So who does police the regulator?

Saturday 27th February 2010, 2:30PM GMT.

WHILE the States was struggling to resolve the difficult issues of the island’s proposed £93m. waste strategy, another meeting was taking place that touched on matters potentially far more significant for Guernsey’s future well-being.

Entitled Responsibilities of Directors in a Changing World, it was ostensibly a technical look at the duties of company bosses with reference to the Guernsey Financial Services Commission’s consultation paper on a code of corporate governance.

In other words, it was an Institute of Directors winter seminar of limited interest other than to a specialist audience.

However, there was an unusually large attendance, a strong panel including the London-based director of corporate governance at KPMG, the global professional services provider, and the hint of an atmosphere in the room.

As the event unfolded, it became clear that some of the most experienced business leaders in the island have very serious concerns about the code being proposed by the GFSC and the long term implications if it is adopted.

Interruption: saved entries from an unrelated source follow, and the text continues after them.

(* Let $G$ be a locally compact second countable group, $\rho_0,\rho_1:G\to\mathrm{Homeo}^+(S^1)$ continuous actions, and $\varphi:S^1\to S^1$ a covering map of degree $k$ such that $\rho_0(g)\varphi=\varphi\rho_1(g)$ for all $g\in G$. Then $\rho_0^*(e^b)=k\,\rho_1^*(e^b)$ in $H^2_{bc}(G,\mathbb Z)$.
   Context: $S^1=\mathbb Z\backslash\mathbb R$. For $f\in\mathrm{Homeo}^+(S^1)$ let $\bar f$ be its lift with $\bar f(0)\in[0,1)$, $T(x)=x+1$, and define the Euler cocycle $c(f,g)\in\{0,1\}$ by $\overline{fg}\,T^{c(f,g)}=\bar f\bar g$. $H^2_{bc}(G,\mathbb Z)$ is the cohomology of $G$ computed with bounded Borel $\mathbb Z$-valued cochains, and for a continuous action $\rho$, $\rho^*(e^b)\in H^2_{bc}(G,\mathbb Z)$ is the class of the bounded Borel cocycle $(g,h)\mapsto c(\rho(g),\rho(h))$. *)

From HB Require Import structures.
From mathcomp Require Import all_boot all_order all_algebra.
From mathcomp Require Import all_classical all_reals all_analysis.
From mathcomp Require Import generic_quotient.
Set Implicit Arguments. Unset Strict Implicit. Unset Printing Implicit Defensive.
Import Order.TTheory GRing.Theory Num.Theory.
Local Open Scope classical_set_scope.
Local Open Scope ring_scope.
Import numFieldNormedType.Exports.
Local Open Scope quotient_scope.

Section Circle.
Variable R : realType.

Definition circ_rel (x y : R) : bool := (x - y) \is a Num.int.

Lemma circ_rel_refl : reflexive circ_rel.
Proof. by move=> x; rewrite /circ_rel subrr rpred0. Qed.
Lemma circ_rel_sym : symmetric circ_rel.
Proof. by move=> x y; rewrite /circ_rel -opprB rpredN. Qed.
Lemma circ_rel_trans : transitive circ_rel.
Proof.
move=> y x z hxy hyz; rewrite /circ_rel.
have -> : x - z = (x - y) + (y - z) by rewrite addrA subrK.
by rewrite rpredD.
Qed.

Definition circ_equiv : equiv_rel R :=
  EquivRel circ_rel circ_rel_refl circ_rel_sym circ_rel_trans.

Definition circle_quot := {eq_quot circ_equiv}.
Definition circle := quotient_topology circle_quot.

Definition cproj : R -> circle := \pi_circle.

Definition is_lift (f : circle -> circle) (F : R -> R) : Prop :=
  continuous F /\ forall x, cproj (F x) = f (cproj x).

Definition homeomorphism (X : topologicalType) (f : X -> X) : Prop :=
  exists g : X -> X, [/\ cancel f g, cancel g f, continuous f & continuous g].

(* Homeo^+(S^1): orientation-preserving homeomorphisms, i.e. those admitting
   an increasing lift *)
Definition homeo_plus (f : circle -> circle) : Prop :=
  homeomorphism f /\ exists F, is_lift f F /\ {homo F : x y / x < y}.

Definition bar (f : circle -> circle) : R -> R :=
  xget (fun x : R => x) [set F | is_lift f F /\ 0 <= F 0 < 1].

Definition euler_c (f g : circle -> circle) : int :=
  xget 0%R [set n : int | forall x, bar (f \o g) (x + n%:~R) = bar f (bar g x)].

Definition has_degree (phi : circle -> circle) (k : int) : Prop :=
  exists F, is_lift phi F /\ forall x, F (x + 1) = F x + k%:~R.

End Circle.

Definition covering_map (X Y : topologicalType) (p : X -> Y) : Prop :=
  continuous p /\
  forall y : Y, exists U : set Y, [/\ open U, U y &
    exists (I : Type) (V : I -> set X),
      [/\ (forall i, open (V i)),
          (forall i j, i <> j -> V i `&` V j = set0),
          p @^-1` U = \bigcup_i V i &
          forall i, exists q : Y -> X,
            [/\ {within V i, continuous p}, {within U, continuous q},
                (forall x, V i x -> U (p x) /\ q (p x) = x) &
                (forall u, U u -> V i (q u) /\ p (q u) = u)]]].

Definition lcsc_group (G : topologicalType) (mul : G -> G -> G) (one : G)
    (inv : G -> G) : Prop :=
  [/\ (forall x y z, mul x (mul y z) = mul (mul x y) z),
      (forall x, mul one x = x /\ mul x one = x),
      (forall x, mul (inv x) x = one /\ mul x (inv x) = one),
      continuous (fun p : G * G => mul p.1 p.2) /\ continuous inv &
      [/\ hausdorff_space G, locally_compact [set: G] & @second_countable G]].

Definition Borel (T : topologicalType) (A : set T) : Prop :=
  smallest (sigma_algebra setT) open A.

Definition borel_int_fun (T : topologicalType) (b : T -> int) : Prop :=
  forall n : int, Borel (b @^-1` [set n]).

Definition bounded_int_fun (T : Type) (b : T -> int) : Prop :=
  exists M : int, forall t, `|b t| <= M.

(* continuous action G -> Homeo^+(S^1), as a continuous action map *)
Definition cont_circle_action (R : realType) (G : topologicalType)
    (mul : G -> G -> G) (rho : G -> circle R -> circle R) : Prop :=
  [/\ (forall g, homeo_plus (rho g)),
      (forall g h, rho (mul g h) = rho g \o rho h) &
      continuous (fun p : G * circle R => rho p.1 p.2)].

Definition bc_cohomologous (G : topologicalType) (mul : G -> G -> G)
    (c1 c2 : G -> G -> int) : Prop :=
  exists b : G -> int, [/\ borel_int_fun b, bounded_int_fun b &
    forall g h, c1 g h - c2 g h = b g + b h - b (mul g h)].

From HB Require Import structures.
From mathcomp Require Import all_boot all_order all_algebra.
From mathcomp Require Import all_classical all_reals all_analysis.
From mathcomp Require Import measurable_realfun.
From mathcomp Require Import zify lra.
Import Order.TTheory GRing.Theory Num.Theory.
Import numFieldNormedType.Exports.
Local Open Scope classical_set_scope.
Local Open Scope ring_scope.
Set Implicit Arguments. Unset Strict Implicit. Unset Printing Implicit Defensive.

(* Let [Phi] be a lift of [phi], so that [Phi (x + 1) = Phi x + k].  For every [g],
   [bar (rho0 g) \o Phi] and [Phi \o bar (rho1 g)] lift the same map of the circle,
   hence differ by an integer [d g].  Computing the lift of [rho0 (g h)] at [Phi 0]
   in two ways gives [c0 g h - k c1 g h = d g + d h - d (g h)].  The cochain [d] is
   bounded because canonical lifts move points by less than [2], and Borel
   because [bar f x] can be read off the two circle points [f 0] and [f x] through
   the fractional part. *)

Section CircleLifts.
Variable R : realType.
Implicit Types (x y : R) (h F : R -> R).

Lemma cprojP x y : cproj x = cproj y <-> (x - y) \is a Num.int.
Proof. by split=> h; apply/(@eqquotP _ _ (circle_quot R) x y). Qed.

Lemma cprojDz x (n : int) : cproj (x + n%:~R) = cproj x.
Proof. by apply/cprojP; rewrite addrC addKr intr_int. Qed.

Lemma int_valued_continuous_nonincr h x y : continuous h ->
  (forall z, h z \is a Num.int) -> x <= y -> h y <= h x.
Proof.
move=> ch hint xy; rewrite leNgt; apply/negP => hxy.
have /intrP [m hm] := hint x; have /intrP [n hn] := hint y.
have hx1 : h x + 1 <= h y.
  by move: hxy; rewrite hm hn -[1]/(1%:~R) -intrD ltr_int ler_int; lia.
have [c _ hc] : exists2 c, c \in `[x, y] & h c = h x + 2^-1.
  apply: IVT => //; first exact: continuous_subspaceT.
  by rewrite min_l ?max_r ?(ltW hxy) //; apply/andP; split; lra.
have /intrP [p hp] : h c - h x \is a Num.int by rewrite rpredB.
have : (0 < p)%R && (p < 1)%R.
  by rewrite -(ltr_int R) -(ltr_int R) -hp hc addrC addKr; apply/andP; split; lra.
lia.
Qed.

Lemma int_valued_continuous_const h : continuous h ->
  (forall z, h z \is a Num.int) -> forall x y, h x = h y.
Proof.
move=> ch hint; suff hle : forall x y, x <= y -> h x = h y.
  by move=> x y; case: (leP x y) => [/hle //|/ltW /hle ->].
move=> x y xy; apply/le_anti/andP; split; last exact: int_valued_continuous_nonincr.
rewrite -lerN2; apply: (@int_valued_continuous_nonincr (fun z => - h z)) => //.
- by move=> z; exact: (continuousN (ch z)).
- by move=> z; rewrite rpredN.
Qed.

Lemma lifts_eq_up_to_int F1 F2 : continuous F1 -> continuous F2 ->
  (forall x, cproj (F1 x) = cproj (F2 x)) ->
  exists n : int, forall x, F1 x = F2 x + n%:~R.
Proof.
move=> c1 c2 e.
have dint x : (F1 - F2) x \is a Num.int by apply/cprojP/e.
have cd : continuous (F1 - F2) by move=> x; exact: (continuousB (c1 x) (c2 x)).
have /intrP [n hn] := dint 0; exists n => x.
have := int_valued_continuous_const cd dint x 0.
by rewrite hn /= => <-; rewrite addrC subrK.
Qed.

Lemma lift_shiftz F d : (forall x, F (x + 1) = F x + d) ->
  forall x (m : int), F (x + m%:~R) = F x + d * m%:~R.
Proof.
move=> F1.
have Fn (n : nat) x : F (x + n%:R) = F x + d * n%:R.
  elim: n x => [|n IH] x; first by rewrite !mulr0 !addr0.
  by rewrite -natr1 addrA F1 IH mulrDr mulr1 addrA.
move=> x [n|n]; first by rewrite -pmulrn Fn.
rewrite NegzE intrN -pmulrn.
by have := Fn n.+1 (x - n.+1%:R); rewrite subrK => ->; rewrite mulrN addrK.
Qed.

End CircleLifts.

Section FractionalPart.
Variable R : realType.
Implicit Types x : R.

Definition frac x := x - (Num.floor x)%:~R.

Lemma frac_itv x : 0 <= frac x < 1.
Proof.
by have := floor_itv x; rewrite /frac intrD => /andP [? ?]; apply/andP; split; lra.
Qed.

Lemma fracDz x (m : int) : frac (x + m%:~R) = frac x.
Proof. by rewrite /frac floorDrz ?intr_int // intrKfloor intrD; lra. Qed.

Lemma frac_id x : 0 <= x < 1 -> frac x = x.
Proof. by move=> x01; rewrite /frac (@floor_def _ x 0) ?subr0 // add0r mulr0z. Qed.

Lemma measurable_frac : measurable_fun setT (frac : R -> R).
Proof.
apply: measurable_funB; first exact: measurable_id.
by apply: nondecreasing_measurable => // x y xy; rewrite ler_int le_floor.
Qed.

Definition cfrac (q : circle R) : R := frac (repr q).

Lemma cfrac_cproj x : cfrac (cproj x) = frac x.
Proof.
have /cprojP/intrP [m hm] : cproj (repr (cproj x)) = cproj x by rewrite /cproj reprK.
by rewrite /cfrac -(subrK x (repr (cproj x))) hm addrC fracDz.
Qed.

Lemma open_cfrac_itv a : 0 < a <= 1 -> open [set q : circle R | 0 < cfrac q < a].
Proof.
move=> /andP [a0 a1]; rewrite /open /= /quotient_open.
suff -> : @cproj R @^-1` [set q | 0 < cfrac q < a] =
    \bigcup_(n in [set: int]) [set` `]n%:~R, n%:~R + a[%R].
  by apply: bigcup_open => n _; exact: interval_open.
apply/seteqP; split => x /=.
- rewrite cfrac_cproj /frac => /andP [? ?]; exists (Num.floor x) => //=.
  by rewrite in_itv /=; apply/andP; split; lra.
- move=> [n _]; rewrite /= in_itv /= cfrac_cproj /frac => /andP [? ?].
  have -> : Num.floor x = n by apply: floor_def; rewrite intrD; apply/andP; split; lra.
  by apply/andP; split; lra.
Qed.

End FractionalPart.

Section CanonicalLift.
Variables (R : realType) (f : circle R -> circle R).
Hypothesis hf : homeo_plus f.
Implicit Types x y : R.

Lemma bar_spec : is_lift f (bar f) /\ 0 <= bar f 0 < 1.
Proof.
suff : exists F : R -> R, is_lift f F /\ 0 <= F 0 < 1.
  by move/(xgetPex (fun x : R => x)).
case: hf => _ [F [[cF lF] _]].
exists (fun x => F x + (- Num.floor (F 0))%:~R); split; first split.
- by move=> x; apply: continuousD; [exact: cF | exact: cvg_cst].
- by move=> x; rewrite cprojDz.
- have := floor_itv (F 0); rewrite intrN intrD => /andP [? ?].
  by apply/andP; split; lra.
Qed.

Lemma bar_continuous : continuous (bar f). Proof. by case: bar_spec => [[]]. Qed.
Lemma bar_lift x : cproj (bar f x) = f (cproj x). Proof. by case: bar_spec => [[]]. Qed.
Lemma bar0_itv : 0 <= bar f 0 < 1. Proof. by case: bar_spec. Qed.

Lemma bar_increasing : {homo bar f : x y / x < y}.
Proof.
case: hf => _ [F [[cF lF] iF]].
have [n hn] := lifts_eq_up_to_int bar_continuous cF
  (fun x => etrans (bar_lift x) (esym (lF x))).
by move=> x y xy; rewrite !hn ltrD2r iF.
Qed.

Lemma bar_nondecreasing : {homo bar f : x y / x <= y}.
Proof. by move=> x y; rewrite le_eqVlt => /orP [/eqP -> //|/bar_increasing /ltW]. Qed.

(* [bar f (x + 1) - bar f x] is a constant integer [n > 0]; if [n >= 2], the
   intermediate value theorem would give [f c = f 0] for some [0 < c < 1]. *)
Lemma bar_add1 x : bar f (x + 1) = bar f x + 1.
Proof.
have [n hn] : exists n : int, forall x, bar f (x + 1) = bar f x + n%:~R.
  apply: lifts_eq_up_to_int; last by move=> y; rewrite !bar_lift -[1]/(1%:~R) cprojDz.
  - move=> y; apply: (@continuous_comp _ _ _ (fun x : R => x + 1) (bar f) y).
      by apply: continuousD; [exact: cvg_id | exact: cvg_cst].
    exact: bar_continuous.
  - exact: bar_continuous.
rewrite hn; congr (_ + _); apply/eqP; rewrite -[1]/(1%:~R) eqr_int.
have h10 : bar f 1 = bar f 0 + n%:~R by rewrite -hn add0r.
have n_gt0 : 0 < n by have := @bar_increasing 0 1 ltr01; rewrite h10 ltrDl ltr0z.
suff : ~ (1 < n)%R by lia.
move=> n_gt1.
have [c c01 hc] : exists2 c, c \in `[0, 1] & bar f c = bar f 0 + 1.
  apply: IVT => //; first exact: continuous_subspaceT bar_continuous.
  have h01 := @bar_increasing 0 1 ltr01.
  have n_ge2 : 2%:~R <= n%:~R :> R by rewrite ler_int.
  by rewrite min_l ?max_r ?(ltW h01) // h10; apply/andP; split; lra.
have /cprojP : cproj c = cproj 0.
  case: hf => [[g [fK _ _ _]] _]; apply: (can_inj fK).
  by rewrite -!bar_lift hc -[1]/(1%:~R) cprojDz.
rewrite subr0 => /intrP [p hp].
move: c01 hc; rewrite in_itv /= hp ler0z -[1%R]/(1%:~R) ler_int => /andP [p0 p1].
have [->|->] : p = 0 \/ p = 1 by lia.
- by rewrite mulr0z; lra.
- rewrite -[1%:~R]/(1%R) h10 => h.
  have /intr_inj n1 : n%:~R = 1%:~R :> R by lra.
  by move: n_gt1; rewrite n1.
Qed.

Lemma bar_addz x (m : int) : bar f (x + m%:~R) = bar f x + m%:~R.
Proof. by rewrite (lift_shiftz bar_add1) mul1r. Qed.

Lemma bar0_cfrac : bar f 0 = cfrac (f (cproj 0)).
Proof. by rewrite -bar_lift cfrac_cproj frac_id // bar0_itv. Qed.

Since regulated entities generally do not go head-to-head with their regulator – especially on the eve on an International Monetary Fund inspection of Guernsey – this was an understated opposition, but it was overwhelming.

The draft code, and there were disturbing suggestions behind the scenes that the more draconian elements of it were inserted by the regulator, has unsettled the financial services sector and damaged relations with the commission.

While there will always be tensions in any regulated environment, this goes beyond that and the nervousness is that the GFSC is adopting a stance that will damage Guernsey’s competitive position.

Better run businesses depend on better directors, which in turn requires the adoption of best principles rather than a prescriptive code which improves nothing. Unless, that is, the code is for those who make their living from regulating others.

A flavour of the hostility towards the proposals came from the question: who regulates the regulator? No one, was the answer, combined with a wider view that there needed to be some oversight of the GFSC.

It was another way of asking who sets the regulator’s agenda – and who is accountable for that?


  1. 1
    Dave Jones

    The answer to the question of who regulates the regulator? It is the States of Deliberation as we could if we wish refuse as a body to pass into legislation the GFSC’s proposals, I would be interested in the views of the financial sector bosses who have real concerns about this draft code being proposed and where all this new regulation is going.
    I share the fear that we could eventually regulate ourselves out of business in this island and that will have a severe effect on our economy. Of course we need regulation but it is starting to get out of hand in almost every sphere of our lives, whether it is Health & Safety, Financial regulation, or islanders who have been with the same bank for years having to constantly prove to their own bank who they are, producing utility bills and passports constantly. Or regulations governing our properties, a whole raft of intrusive petty fogging regulation of the nanny state.